==== Data supplied

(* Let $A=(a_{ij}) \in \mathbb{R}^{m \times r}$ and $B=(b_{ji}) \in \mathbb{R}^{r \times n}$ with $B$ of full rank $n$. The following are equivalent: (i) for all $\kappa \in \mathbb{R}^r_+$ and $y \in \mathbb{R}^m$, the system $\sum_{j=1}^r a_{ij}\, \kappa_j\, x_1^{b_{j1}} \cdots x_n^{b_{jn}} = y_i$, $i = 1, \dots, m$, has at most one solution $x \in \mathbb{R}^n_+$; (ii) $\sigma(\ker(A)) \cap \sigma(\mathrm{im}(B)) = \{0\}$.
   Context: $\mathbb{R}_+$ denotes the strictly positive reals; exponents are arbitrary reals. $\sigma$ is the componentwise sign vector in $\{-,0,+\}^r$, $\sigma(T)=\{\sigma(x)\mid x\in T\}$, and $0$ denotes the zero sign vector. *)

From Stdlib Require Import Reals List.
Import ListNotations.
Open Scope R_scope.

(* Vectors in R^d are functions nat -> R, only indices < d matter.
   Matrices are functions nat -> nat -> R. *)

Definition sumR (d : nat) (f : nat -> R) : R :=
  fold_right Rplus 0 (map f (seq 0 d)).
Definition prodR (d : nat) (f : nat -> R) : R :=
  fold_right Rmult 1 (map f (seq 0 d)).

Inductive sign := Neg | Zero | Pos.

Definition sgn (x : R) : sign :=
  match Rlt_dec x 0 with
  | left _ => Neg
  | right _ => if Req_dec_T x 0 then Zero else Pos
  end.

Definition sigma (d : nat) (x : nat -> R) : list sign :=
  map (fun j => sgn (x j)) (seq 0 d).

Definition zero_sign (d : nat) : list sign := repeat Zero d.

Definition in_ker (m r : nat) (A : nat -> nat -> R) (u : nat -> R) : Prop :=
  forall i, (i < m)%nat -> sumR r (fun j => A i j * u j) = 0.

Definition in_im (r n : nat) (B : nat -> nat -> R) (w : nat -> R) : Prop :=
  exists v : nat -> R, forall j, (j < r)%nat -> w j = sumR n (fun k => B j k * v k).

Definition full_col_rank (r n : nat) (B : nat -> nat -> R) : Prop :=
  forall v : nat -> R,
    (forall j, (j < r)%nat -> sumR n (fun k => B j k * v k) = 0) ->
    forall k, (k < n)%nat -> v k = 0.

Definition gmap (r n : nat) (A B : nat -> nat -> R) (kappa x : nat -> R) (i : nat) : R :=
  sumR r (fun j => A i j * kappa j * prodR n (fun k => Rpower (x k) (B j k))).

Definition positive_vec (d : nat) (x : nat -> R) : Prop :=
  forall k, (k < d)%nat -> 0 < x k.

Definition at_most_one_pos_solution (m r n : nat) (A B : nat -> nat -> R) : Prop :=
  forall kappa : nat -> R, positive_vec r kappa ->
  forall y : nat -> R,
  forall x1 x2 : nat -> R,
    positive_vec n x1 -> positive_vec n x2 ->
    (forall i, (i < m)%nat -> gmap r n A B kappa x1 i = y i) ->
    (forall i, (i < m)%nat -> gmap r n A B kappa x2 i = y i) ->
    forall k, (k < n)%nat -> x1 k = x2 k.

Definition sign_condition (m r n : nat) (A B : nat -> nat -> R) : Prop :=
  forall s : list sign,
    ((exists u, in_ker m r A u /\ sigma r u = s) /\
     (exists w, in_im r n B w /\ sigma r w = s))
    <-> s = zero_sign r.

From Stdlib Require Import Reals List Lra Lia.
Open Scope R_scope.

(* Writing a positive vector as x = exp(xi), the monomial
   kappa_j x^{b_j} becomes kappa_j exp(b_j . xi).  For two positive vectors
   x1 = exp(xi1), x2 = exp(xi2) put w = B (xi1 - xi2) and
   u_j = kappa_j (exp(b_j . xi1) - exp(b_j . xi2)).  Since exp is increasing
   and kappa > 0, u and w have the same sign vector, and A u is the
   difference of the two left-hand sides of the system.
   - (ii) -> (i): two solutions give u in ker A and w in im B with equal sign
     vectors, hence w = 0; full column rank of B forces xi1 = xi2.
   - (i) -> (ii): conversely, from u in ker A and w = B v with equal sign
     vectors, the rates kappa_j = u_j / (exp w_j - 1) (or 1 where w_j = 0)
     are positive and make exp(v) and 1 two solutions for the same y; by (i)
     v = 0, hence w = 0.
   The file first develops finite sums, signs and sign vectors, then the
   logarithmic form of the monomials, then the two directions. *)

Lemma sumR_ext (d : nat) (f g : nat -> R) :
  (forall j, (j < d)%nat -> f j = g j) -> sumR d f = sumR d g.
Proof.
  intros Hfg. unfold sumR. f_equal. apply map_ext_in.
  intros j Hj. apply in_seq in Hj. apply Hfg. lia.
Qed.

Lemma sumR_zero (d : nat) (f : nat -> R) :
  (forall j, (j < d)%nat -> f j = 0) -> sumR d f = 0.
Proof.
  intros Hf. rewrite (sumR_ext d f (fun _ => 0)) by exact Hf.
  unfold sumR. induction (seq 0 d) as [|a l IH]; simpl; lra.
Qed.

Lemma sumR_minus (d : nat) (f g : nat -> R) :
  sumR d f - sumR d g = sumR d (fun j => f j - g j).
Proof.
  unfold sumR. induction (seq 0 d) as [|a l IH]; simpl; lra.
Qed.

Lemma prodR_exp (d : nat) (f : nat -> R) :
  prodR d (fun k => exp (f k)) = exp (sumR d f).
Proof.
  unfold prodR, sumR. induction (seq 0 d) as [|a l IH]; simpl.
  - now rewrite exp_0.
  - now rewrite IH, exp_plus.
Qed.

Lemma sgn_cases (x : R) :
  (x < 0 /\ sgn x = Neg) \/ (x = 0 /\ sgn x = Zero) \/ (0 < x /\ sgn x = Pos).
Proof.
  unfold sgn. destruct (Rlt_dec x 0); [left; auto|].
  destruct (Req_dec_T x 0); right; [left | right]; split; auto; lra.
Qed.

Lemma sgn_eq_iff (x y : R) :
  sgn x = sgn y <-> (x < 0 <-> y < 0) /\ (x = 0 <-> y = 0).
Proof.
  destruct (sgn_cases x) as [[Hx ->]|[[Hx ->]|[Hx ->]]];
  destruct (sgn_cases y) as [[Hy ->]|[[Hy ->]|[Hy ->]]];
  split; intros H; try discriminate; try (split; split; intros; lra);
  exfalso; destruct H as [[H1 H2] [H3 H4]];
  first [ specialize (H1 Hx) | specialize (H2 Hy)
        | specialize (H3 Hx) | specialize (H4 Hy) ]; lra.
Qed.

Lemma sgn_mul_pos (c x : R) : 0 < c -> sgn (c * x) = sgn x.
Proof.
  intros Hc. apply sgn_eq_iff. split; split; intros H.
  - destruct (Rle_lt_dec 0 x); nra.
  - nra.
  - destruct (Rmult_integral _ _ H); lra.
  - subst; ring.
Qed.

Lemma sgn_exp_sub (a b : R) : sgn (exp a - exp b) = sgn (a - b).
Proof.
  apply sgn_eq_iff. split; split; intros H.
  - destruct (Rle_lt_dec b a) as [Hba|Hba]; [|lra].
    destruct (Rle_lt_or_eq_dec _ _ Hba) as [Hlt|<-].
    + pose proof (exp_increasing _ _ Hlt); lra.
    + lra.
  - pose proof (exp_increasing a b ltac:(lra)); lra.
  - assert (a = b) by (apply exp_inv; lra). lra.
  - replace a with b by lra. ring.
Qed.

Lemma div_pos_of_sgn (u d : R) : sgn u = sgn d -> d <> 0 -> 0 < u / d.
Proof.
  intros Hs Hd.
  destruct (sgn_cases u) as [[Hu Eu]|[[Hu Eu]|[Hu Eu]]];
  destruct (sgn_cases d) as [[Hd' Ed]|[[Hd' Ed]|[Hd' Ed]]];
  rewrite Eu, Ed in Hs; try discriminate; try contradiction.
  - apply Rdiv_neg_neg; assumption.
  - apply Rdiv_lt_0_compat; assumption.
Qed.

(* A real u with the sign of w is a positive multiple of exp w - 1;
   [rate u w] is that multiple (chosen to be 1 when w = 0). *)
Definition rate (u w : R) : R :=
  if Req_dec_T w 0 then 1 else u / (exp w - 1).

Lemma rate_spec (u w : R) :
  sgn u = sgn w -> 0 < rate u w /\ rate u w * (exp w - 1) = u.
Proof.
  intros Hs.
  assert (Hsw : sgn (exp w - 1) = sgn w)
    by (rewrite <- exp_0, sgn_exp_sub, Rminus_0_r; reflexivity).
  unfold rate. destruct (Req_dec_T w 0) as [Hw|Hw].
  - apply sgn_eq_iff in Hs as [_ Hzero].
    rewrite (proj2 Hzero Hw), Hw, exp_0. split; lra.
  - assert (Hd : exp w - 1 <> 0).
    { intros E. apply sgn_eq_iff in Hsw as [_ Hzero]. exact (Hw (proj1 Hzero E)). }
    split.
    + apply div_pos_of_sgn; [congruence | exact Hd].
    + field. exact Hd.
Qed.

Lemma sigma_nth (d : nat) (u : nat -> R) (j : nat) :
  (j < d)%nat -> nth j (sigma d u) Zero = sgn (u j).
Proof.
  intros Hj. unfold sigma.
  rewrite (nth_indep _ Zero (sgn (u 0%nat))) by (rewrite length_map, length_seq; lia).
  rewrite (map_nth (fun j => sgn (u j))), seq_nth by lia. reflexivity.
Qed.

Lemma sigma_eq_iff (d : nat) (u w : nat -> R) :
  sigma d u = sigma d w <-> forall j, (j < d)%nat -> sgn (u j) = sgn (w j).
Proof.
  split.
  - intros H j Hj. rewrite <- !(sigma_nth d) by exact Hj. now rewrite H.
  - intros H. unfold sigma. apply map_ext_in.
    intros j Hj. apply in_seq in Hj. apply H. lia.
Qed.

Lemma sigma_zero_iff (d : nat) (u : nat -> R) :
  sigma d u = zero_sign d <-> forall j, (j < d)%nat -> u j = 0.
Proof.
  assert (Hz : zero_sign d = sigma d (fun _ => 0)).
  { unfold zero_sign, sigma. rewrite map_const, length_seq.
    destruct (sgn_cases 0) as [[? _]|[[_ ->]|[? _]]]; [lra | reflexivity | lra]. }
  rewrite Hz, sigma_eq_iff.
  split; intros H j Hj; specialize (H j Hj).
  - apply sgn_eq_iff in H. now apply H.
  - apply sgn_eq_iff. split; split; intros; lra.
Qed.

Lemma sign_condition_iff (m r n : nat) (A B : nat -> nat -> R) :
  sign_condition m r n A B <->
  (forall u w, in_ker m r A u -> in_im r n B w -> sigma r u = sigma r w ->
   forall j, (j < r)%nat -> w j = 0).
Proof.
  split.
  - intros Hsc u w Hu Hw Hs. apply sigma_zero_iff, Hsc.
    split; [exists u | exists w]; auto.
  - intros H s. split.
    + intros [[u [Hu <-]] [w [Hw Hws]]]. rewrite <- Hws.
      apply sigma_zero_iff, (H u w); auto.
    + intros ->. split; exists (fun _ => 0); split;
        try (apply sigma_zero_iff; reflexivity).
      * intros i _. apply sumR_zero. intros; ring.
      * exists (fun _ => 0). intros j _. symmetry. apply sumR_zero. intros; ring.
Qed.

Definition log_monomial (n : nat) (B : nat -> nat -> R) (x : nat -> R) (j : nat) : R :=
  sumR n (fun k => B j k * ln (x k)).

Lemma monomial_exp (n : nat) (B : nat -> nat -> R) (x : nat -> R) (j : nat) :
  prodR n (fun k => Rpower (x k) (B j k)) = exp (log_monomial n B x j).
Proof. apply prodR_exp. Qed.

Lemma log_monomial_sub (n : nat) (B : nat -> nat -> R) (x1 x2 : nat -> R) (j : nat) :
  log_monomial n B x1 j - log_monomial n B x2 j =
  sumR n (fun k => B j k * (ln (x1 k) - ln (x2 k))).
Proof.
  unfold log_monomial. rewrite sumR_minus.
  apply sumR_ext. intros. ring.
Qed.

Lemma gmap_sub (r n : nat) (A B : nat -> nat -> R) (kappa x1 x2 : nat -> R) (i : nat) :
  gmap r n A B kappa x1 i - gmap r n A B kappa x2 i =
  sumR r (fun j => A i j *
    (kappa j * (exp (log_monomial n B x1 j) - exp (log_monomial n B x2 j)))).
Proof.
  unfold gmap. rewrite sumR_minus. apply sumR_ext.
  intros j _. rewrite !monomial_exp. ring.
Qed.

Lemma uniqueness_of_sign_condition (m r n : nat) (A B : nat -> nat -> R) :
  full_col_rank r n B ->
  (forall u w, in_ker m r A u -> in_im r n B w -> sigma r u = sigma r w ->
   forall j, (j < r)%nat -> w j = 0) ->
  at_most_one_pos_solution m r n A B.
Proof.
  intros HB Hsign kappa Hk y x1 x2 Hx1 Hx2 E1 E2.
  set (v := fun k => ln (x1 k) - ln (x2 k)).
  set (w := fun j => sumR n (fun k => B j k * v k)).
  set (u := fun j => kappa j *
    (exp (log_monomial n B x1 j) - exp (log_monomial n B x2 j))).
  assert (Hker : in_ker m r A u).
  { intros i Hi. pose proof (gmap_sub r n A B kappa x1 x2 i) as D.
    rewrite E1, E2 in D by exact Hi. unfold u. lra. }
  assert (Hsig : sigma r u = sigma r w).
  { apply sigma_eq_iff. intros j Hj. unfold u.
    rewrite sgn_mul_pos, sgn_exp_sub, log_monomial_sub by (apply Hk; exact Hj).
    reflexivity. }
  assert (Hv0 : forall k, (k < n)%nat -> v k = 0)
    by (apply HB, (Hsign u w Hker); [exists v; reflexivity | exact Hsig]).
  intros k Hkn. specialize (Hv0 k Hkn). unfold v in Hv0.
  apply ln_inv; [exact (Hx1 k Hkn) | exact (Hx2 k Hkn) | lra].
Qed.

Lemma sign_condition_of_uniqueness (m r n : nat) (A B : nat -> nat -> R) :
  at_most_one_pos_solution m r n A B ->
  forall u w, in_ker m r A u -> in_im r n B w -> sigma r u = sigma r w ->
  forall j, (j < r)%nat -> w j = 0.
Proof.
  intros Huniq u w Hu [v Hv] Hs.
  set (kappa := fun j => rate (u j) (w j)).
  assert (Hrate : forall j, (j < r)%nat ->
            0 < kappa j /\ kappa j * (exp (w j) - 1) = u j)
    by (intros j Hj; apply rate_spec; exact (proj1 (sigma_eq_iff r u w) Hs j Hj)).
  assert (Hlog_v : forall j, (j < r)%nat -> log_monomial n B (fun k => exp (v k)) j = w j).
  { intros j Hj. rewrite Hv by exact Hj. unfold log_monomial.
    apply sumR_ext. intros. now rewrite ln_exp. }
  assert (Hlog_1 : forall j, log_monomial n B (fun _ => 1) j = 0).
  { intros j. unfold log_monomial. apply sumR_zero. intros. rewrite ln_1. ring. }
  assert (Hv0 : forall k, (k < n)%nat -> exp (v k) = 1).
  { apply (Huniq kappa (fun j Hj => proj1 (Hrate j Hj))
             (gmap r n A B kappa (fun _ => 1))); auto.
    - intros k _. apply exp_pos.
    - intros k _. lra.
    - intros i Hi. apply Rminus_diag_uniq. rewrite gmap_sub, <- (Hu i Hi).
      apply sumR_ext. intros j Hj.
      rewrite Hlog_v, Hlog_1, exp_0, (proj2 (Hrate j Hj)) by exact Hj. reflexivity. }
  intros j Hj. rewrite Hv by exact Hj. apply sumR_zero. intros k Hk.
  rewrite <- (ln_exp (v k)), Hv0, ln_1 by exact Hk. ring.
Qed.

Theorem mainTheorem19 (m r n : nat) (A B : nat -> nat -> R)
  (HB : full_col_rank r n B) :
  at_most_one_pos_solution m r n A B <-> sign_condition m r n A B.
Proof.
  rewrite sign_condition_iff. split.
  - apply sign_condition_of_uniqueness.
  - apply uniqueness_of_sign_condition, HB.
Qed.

========
==== Data supplied

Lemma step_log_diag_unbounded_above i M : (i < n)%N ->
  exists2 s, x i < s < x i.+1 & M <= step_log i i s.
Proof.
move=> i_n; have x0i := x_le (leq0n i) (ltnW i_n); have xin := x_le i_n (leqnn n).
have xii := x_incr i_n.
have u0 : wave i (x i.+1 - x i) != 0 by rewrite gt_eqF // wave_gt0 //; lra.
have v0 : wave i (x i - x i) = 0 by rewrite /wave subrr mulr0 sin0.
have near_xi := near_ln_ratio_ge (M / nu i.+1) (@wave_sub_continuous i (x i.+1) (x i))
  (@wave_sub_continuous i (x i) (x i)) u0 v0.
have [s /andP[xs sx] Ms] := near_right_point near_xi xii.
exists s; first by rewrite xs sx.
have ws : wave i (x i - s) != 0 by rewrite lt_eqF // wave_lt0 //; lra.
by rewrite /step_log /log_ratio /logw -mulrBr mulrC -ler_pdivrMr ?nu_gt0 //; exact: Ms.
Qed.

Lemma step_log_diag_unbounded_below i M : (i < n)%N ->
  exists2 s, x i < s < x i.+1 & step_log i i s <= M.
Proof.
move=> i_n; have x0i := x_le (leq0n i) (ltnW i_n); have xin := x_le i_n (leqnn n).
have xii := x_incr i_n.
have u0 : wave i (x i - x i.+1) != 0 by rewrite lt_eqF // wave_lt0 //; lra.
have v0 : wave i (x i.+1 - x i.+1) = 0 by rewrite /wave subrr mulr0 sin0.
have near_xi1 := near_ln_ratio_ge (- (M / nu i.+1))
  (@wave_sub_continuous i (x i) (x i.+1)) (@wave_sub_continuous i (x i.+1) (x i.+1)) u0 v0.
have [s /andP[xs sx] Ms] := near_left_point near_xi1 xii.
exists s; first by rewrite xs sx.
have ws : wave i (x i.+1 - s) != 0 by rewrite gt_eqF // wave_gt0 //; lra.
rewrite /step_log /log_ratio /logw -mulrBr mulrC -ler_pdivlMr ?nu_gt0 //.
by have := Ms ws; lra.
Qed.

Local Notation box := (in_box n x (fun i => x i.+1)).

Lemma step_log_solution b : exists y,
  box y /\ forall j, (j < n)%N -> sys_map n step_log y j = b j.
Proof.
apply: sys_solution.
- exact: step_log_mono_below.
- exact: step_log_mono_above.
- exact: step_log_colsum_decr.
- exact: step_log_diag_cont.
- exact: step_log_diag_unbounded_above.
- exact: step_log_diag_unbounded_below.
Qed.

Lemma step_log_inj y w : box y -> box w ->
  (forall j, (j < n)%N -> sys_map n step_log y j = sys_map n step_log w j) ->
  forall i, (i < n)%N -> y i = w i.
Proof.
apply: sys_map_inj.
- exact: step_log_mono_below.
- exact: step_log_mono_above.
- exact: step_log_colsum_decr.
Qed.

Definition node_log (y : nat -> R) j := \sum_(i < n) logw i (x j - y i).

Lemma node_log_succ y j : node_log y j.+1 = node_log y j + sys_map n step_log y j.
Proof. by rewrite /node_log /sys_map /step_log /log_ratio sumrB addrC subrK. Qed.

========

Reproduce verbatim the lines above, from the line with "with $B$ of" through the line with "From Stdlib Require Import Reals List.".

Answer to this exercise:
(* Let $A=(a_{ij}) \in \mathbb{R}^{m \times r}$ and $B=(b_{ji}) \in \mathbb{R}^{r \times n}$ with $B$ of full rank $n$. The following are equivalent: (i) for all $\kappa \in \mathbb{R}^r_+$ and $y \in \mathbb{R}^m$, the system $\sum_{j=1}^r a_{ij}\, \kappa_j\, x_1^{b_{j1}} \cdots x_n^{b_{jn}} = y_i$, $i = 1, \dots, m$, has at most one solution $x \in \mathbb{R}^n_+$; (ii) $\sigma(\ker(A)) \cap \sigma(\mathrm{im}(B)) = \{0\}$.
   Context: $\mathbb{R}_+$ denotes the strictly positive reals; exponents are arbitrary reals. $\sigma$ is the componentwise sign vector in $\{-,0,+\}^r$, $\sigma(T)=\{\sigma(x)\mid x\in T\}$, and $0$ denotes the zero sign vector. *)

From Stdlib Require Import Reals List.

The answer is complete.